Onion Jam (aka Onion Marmalade or, as the French call it, Confit d’Oignon) is a great condiment to have on hand. Rich and deep with a spicy undertone, it is a great accompaniment to cheese, baked dishes, curries, roasted vegetables and more. It is a rich, gutsy mixture, great added to soups, on sandwiches with layers of grilled vegetables, or in a vegetable stack with lasagne sheets, at BBQs, or in toastie cheese sandwiches – you will find lots of uses.
750 g red, purple or brown onions, peeled and sliced
150 ml olive oil
1.5 Tblspn freshly grated ginger
3 Tblspn brown sugar
125 ml red wine vinegar
125 ml marsala
0.25 – 0.5 tspn ground cloves
salt to taste
Tabasco sauce, chilli jam, chilli paste, or finely chopped fresh or dried red chillies to taste
Heat the oil in a heavy based saucepan over low heat, add the onions and cook until they are very soft, moving them gently with a wooden spoon to keep the rings in tact.
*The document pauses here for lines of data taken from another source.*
Lemma Qfun_lt_inv x y : Qfun x < Qfun y -> y < x.
Proof.
  intros H. destruct (Rlt_or_le y x) as [|Hxy]; [assumption|].
  assert (H' := Qfun_antitone x y Hxy). lra.
Qed.

Lemma ln_1p_ge x : 0 <= x -> 2 * x / (2 + x) <= ln (1 + x).
Proof.
  intros Hx. destruct Hx as [Hx|<-].
  2: { rewrite !Rplus_0_r, ln_1. unfold Rdiv. lra. }
  set (g := fun t => ln (1 + t) - 2 * t / (2 + t)).
  assert (Hd : forall t, 0 < t < x -> is_derive g t (t ^ 2 / ((1 + t) * (2 + t) ^ 2))).
  { intros t Ht. unfold g. auto_derive; [lra|field; lra]. }
  assert (Hc : forall t, 0 <= t <= x -> continuity_pt g t).
  { intros t Ht. apply derivable_continuous_pt, ex_derive_Reals_0.
    unfold g. auto_derive. lra. }
  destruct (MVT_gen g 0 x _ ltac:(rewrite Rmin_left, Rmax_right by lra; exact Hd)
              ltac:(rewrite Rmin_left, Rmax_right by lra; exact Hc)) as [t [Ht Hgt]].
  rewrite Rmin_left, Rmax_right in Ht by lra.
  assert (0 <= t ^ 2 / ((1 + t) * (2 + t) ^ 2) * (x - 0)).
  { apply Rmult_le_pos; [apply Rdiv_le_0_compat; nra|lra]. }
  unfold g in Hgt. rewrite Rplus_0_r, ln_1 in Hgt.
  replace (2 * 0 / (2 + 0)) with 0 in Hgt by field. lra.
Qed.

Lemma ln_1p_div_sub_ge a p : 0 < a -> 0 < p ->
  p ^ 2 / ((2 * a + p) * (a + p)) <= ln (1 + p / a) - p / (a + p).
Proof.
  intros Ha Hp.
  assert (H := ln_1p_ge (p / a) ltac:(apply Rlt_le, Rdiv_lt_0_compat; lra)).
  replace (2 * (p / a) / (2 + p / a)) with (2 * p / (2 * a + p)) in H by (field; lra).
  replace (p ^ 2 / ((2 * a + p) * (a + p))) with (2 * p / (2 * a + p) - p / (a + p))
    by (field; lra).
  lra.
Qed.

Lemma cap_ddisp_poly_ineq a p u : 0 < a -> 0 < p -> p ^ 2 / ((2 * a + p) * (a + p)) <= u ->
  (u + p / (a + p)) * (p ^ 3 * (p + 3 * a) ^ 2) <= 18 * u ^ 2 * ((p + 2 * a) * (p + a) ^ 4).
Proof.
  intros Ha Hp Hu.
  set (u0 := p ^ 2 / ((2 * a + p) * (a + p))) in *.
  set (X := (p + 2 * a) * (p + a) ^ 4). set (Y := p ^ 3 * (p + 3 * a) ^ 2).
  assert (Hu0 : 0 < u0) by (unfold u0; apply Rdiv_lt_0_compat; nra).
  assert (HX : 0 < X) by (unfold X; assert (0 < (p + a) ^ 4) by (apply pow_lt; lra); nra).
  (* the inequality holds at [u = u0], and the difference of the two sides grows with [u] *)
  assert (Hat_u0 : (u0 + p / (a + p)) * Y <= 18 * u0 ^ 2 * X).
  { unfold u0, X, Y.
    replace ((p ^ 2 / ((2 * a + p) * (a + p)) + p / (a + p)) * (p ^ 3 * (p + 3 * a) ^ 2))
      with (2 * p ^ 4 * (p + 3 * a) ^ 2 / (p + 2 * a)) by (field; lra).
    replace (18 * (p ^ 2 / ((2 * a + p) * (a + p))) ^ 2 * ((p + 2 * a) * (p + a) ^ 4))
      with (2 * p ^ 4 * (9 * (p + a) ^ 2) / (p + 2 * a)) by (field; lra).
    apply Rmult_le_compat_r; [left; apply Rinv_0_lt_compat; lra|].
    assert (0 < p ^ 4) by (apply pow_lt; lra).
    apply Rmult_le_compat_l; [lra|]. nra. }
  assert (HY : Y <= 36 * u0 * X).
  { unfold u0, X, Y.
    replace (36 * (p ^ 2 / ((2 * a + p) * (a + p))) * ((p + 2 * a) * (p + a) ^ 4))
      with (p ^ 2 * (36 * (p + a) ^ 3)) by (field; lra).
    replace (p ^ 3 * (p + 3 * a) ^ 2) with (p ^ 2 * (p * (p + 3 * a) ^ 2)) by ring.
    apply Rmult_le_compat_l; [nra|].
    assert (p * (p + 3 * a) ^ 2 <= 9 * p * (p + a) ^ 2) by nra.
    assert (0 <= p * (p + a) ^ 2) by (apply Rmult_le_pos; [lra|apply pow_le; lra]).
    assert (0 <= a * (p + a) ^ 2) by (apply Rmult_le_pos; [lra|apply pow_le; lra]).
    replace (36 * (p + a) ^ 3) with (36 * (p * (p + a) ^ 2) + 36 * (a * (p + a) ^ 2)) by ring.
    lra. }
  assert (0 <= (u - u0) * (18 * X * (u + u0) - Y)) by (apply Rmult_le_pos; nra).
  replace (18 * u ^ 2 * X) with
    (18 * u0 ^ 2 * X + (u - u0) * (18 * X * (u + u0) - Y) + (u - u0) * Y) by ring.
  nra.
Qed.

Definition capacity (n p : R) : R := n * ln (1 + p).
Definition dispersion (n p : R) : R := n * p * (p + 2) / (p + 1) ^ 2.

Section FirstBlock.

Variables n0 p : R.
Hypotheses (Hn0 : 0 < n0) (Hp : 0 < p).

Definition cap (a : R) : R := capacity (a * n0) (p / a).
Definition disp (a : R) : R := dispersion (a * n0) (p / a).
Definition dcap (a : R) : R := n0 * (ln (1 + p / a) - p / (a + p)).
Definition ddisp (a : R) : R := n0 * p ^ 2 * (p + 3 * a) / (p + a) ^ 3.

Lemma cap_derive a : 0 < a -> is_derive cap a (dcap a).
Proof.
  intros Ha. unfold cap, capacity, dcap.
  assert (0 < p / a) by (apply Rdiv_lt_0_compat; lra).
  unfold Rdiv in *. auto_derive.
  - repeat split; lra.
  - field. repeat split; lra.
Qed.

Lemma disp_derive a : 0 < a -> is_derive disp a (ddisp a).
Proof.
  intros Ha. unfold disp, dispersion, ddisp.
  assert (0 < p / a) by (apply Rdiv_lt_0_compat; lra).
  unfold Rdiv in *. auto_derive.
  - repeat split; try lra. apply Rgt_not_eq; nra.
  - field. repeat split; lra.
Qed.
Add the remaining ingredients and continue to simmer gently on low heat until the juices thicken slightly. Cook slowly until the desired consistency is reached. I like it very thick. Stir occasionally to ensure that it is not sticking to the pan.
Adjust the seasoning, and, if possible, set aside for about 8 hours to allow the flavour to develop. However, it can be used immediately if necessary.
Raisins are a great addition to this jam. Chop roughly and soak in marsala for 30 mins before adding to the onions with the other ingredients.